On Sept. 16, Professor of History Paul Rahe gave a lecture on the grand regime of ancient Sparta, its character, and its statesmanship. 

Rahe has published multiple books on ancient Sparta and will soon publish another, “Sparta’s Third Attic War.”

“Rahe has a sense of the larger world and of history not in isolation to the world of action and decision-making,” said Professor of History Wilfred McClay, who attended the lecture. “I think the lecture was fantastic in explaining a grand strategy as a way of thinking about the nation, where it is, what it is, how it needs to position itself.”

McClay defined a “grand strategy.”

“Part of grand strategies is to think about what the soul of the nation is and what is its character,” he said.

Multiple students at the lecture said Rahe’s points resonated with present day concerns.

“I definitely found it interesting how he connects military strategy and politics and morals into a cohesive whole,” freshman Joseph Claeys said.

Spartan culture was about more than fighting in battle, said Rahe, but about “what it takes to fight a battle. 

“Infantry equals equality,” he said. 

Because Sparta is surrounded by rivers, mountain ranges, and the Mediterranean Sea, it is isolated, Rahe said. He said this geography invited the Spartans to focus primarily on their community.

The grand strategy cannot strictly focus on the military but also on the moral and political, said Rahe. The warriors needed “a common thought, a will to win,” he said. 

This involved statesmanship, the crux of grand strategy.

“Formulating grand strategy can’t be done by some pointy headed military intellectual on the 85th floor of a tall building,” McClay said. “They have to have a sense of their own people, of what people are, and also what they’re capable of being.”

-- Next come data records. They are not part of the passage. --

Lemma misses_fort_small : #|S| <= t N -> misses_fort adj S.
Proof.
move=> small.
have [//|[heavy hang]] : fort_or_heavy (t N) 1.
  by apply: fort_or_heavy_level; rewrite ?subnn //; lia.
have := below_root; case: (boolP (node 0 \in S)) => S0 below_S; first lia.
by apply: misses_fort_root S0; apply: hang; lia.
Qed.

End SmallSets.

Lemma Z_ghat : t N < Z adj.
Proof. exact: Z_gt_misses_fort misses_fort_small. Qed.

End Ghat.

Lemma t_closed_form n : 0 < n -> 3 * (t n + 1) = 8 * 4 ^ n.-1 + 1.
Proof.
elim: n => [//|[|n] IH _] //; have -> : t n.+2 = 4 * t n.+1 + 2 by [].
by move: (IH isT); rewrite /= expnS; lia.
Qed.

Lemma t_ratio n : 0 < n ->
  ((t n + 1)%:R : rat) = ((4%:R / 9%:R + 1 / (18 * 4 ^ n.-1)%:R) * (#|Vhat n|)%:R)%R.
Proof.
move=> n_gt0; rewrite card_Vhat // /nleaves.
have L_gt0 : ((4 ^ n.-1)%:R != 0 :> rat)%R by rewrite pnatr_eq0 -lt0n expn_gt0.
have -> : ((t n + 1)%:R = (8 * 4 ^ n.-1 + 1)%:R / 3%:R :> rat)%R.
  by rewrite -t_closed_form // natrM mulrC mulKf.
by rewrite !natrM !natrD; field; rewrite L_gt0.
Qed.

Lemma t_ratio_ge n : 0 < n -> (4%:R / 9%:R * (#|Vhat n|)%:R <= ((t n + 1)%:R : rat))%R.
Proof.
move=> n_gt0; rewrite t_ratio //; apply: ler_wpM2r; first exact: ler0n.
by rewrite lerDl divr_ge0 ?ler0n.
Qed.

Theorem mainTheorem2 :
  (forall n : nat, 1 <= n ->
     [/\ connected_graph (@ghat_adj n),
         max_degree (@ghat_adj n) = 3,
         #|Vhat n| = 6 * 4 ^ n.-1,
         (t n + 1 <= Z (@ghat_adj n))%N
       & [/\ (3 * (t n + 1) = 8 * 4 ^ n.-1 + 1)%N,
             ((t n + 1)%:R : rat)
               = ((4%:R / 9%:R + 1 / (18 * 4 ^ n.-1)%:R) * (#|Vhat n|)%:R)%R
           & (4%:R / 9%:R * (#|Vhat n|)%:R <= ((t n + 1)%:R : rat))%R]]) /\
  ~ (forall (T : finType) (e : rel T),
       symmetric e -> irreflexive e ->
       connected_graph e -> max_degree e = 3 ->
       (3 * Z e <= #|T| + 6)%N).
Proof.
split=> [n n_gt0|bound].
  split; [exact: ghat_connected | exact: max_degree_ghat | exact: card_Vhat |
          rewrite addn1; exact: Z_ghat | ].
  by split; [exact: t_closed_form | exact: t_ratio | exact: t_ratio_ge].
have := bound _ _ (@ghat_sym 2) (@ghat_irr 2) (ghat_connected (isT : 0 < 2))
  (max_degree_ghat (isT : 0 < 2)).
by rewrite card_Vhat //; have := @Z_ghat 2 isT; rewrite /nleaves /=; lia.
Qed.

A nation must also be aware of the character of its opponents, McClay said. 

“You don’t win by beating up people, you win by depriving them of their will to fight,” he said.

McClay said the will to win is the most important aspect of victory. He said Americans need a “closer relationship of military to other aspects of culture,” but “our sense of what the mission was changed.”

“It was clear he implied that the United States had better formulate its thinking about who we are and what we want to accomplish in the world,” McClay said.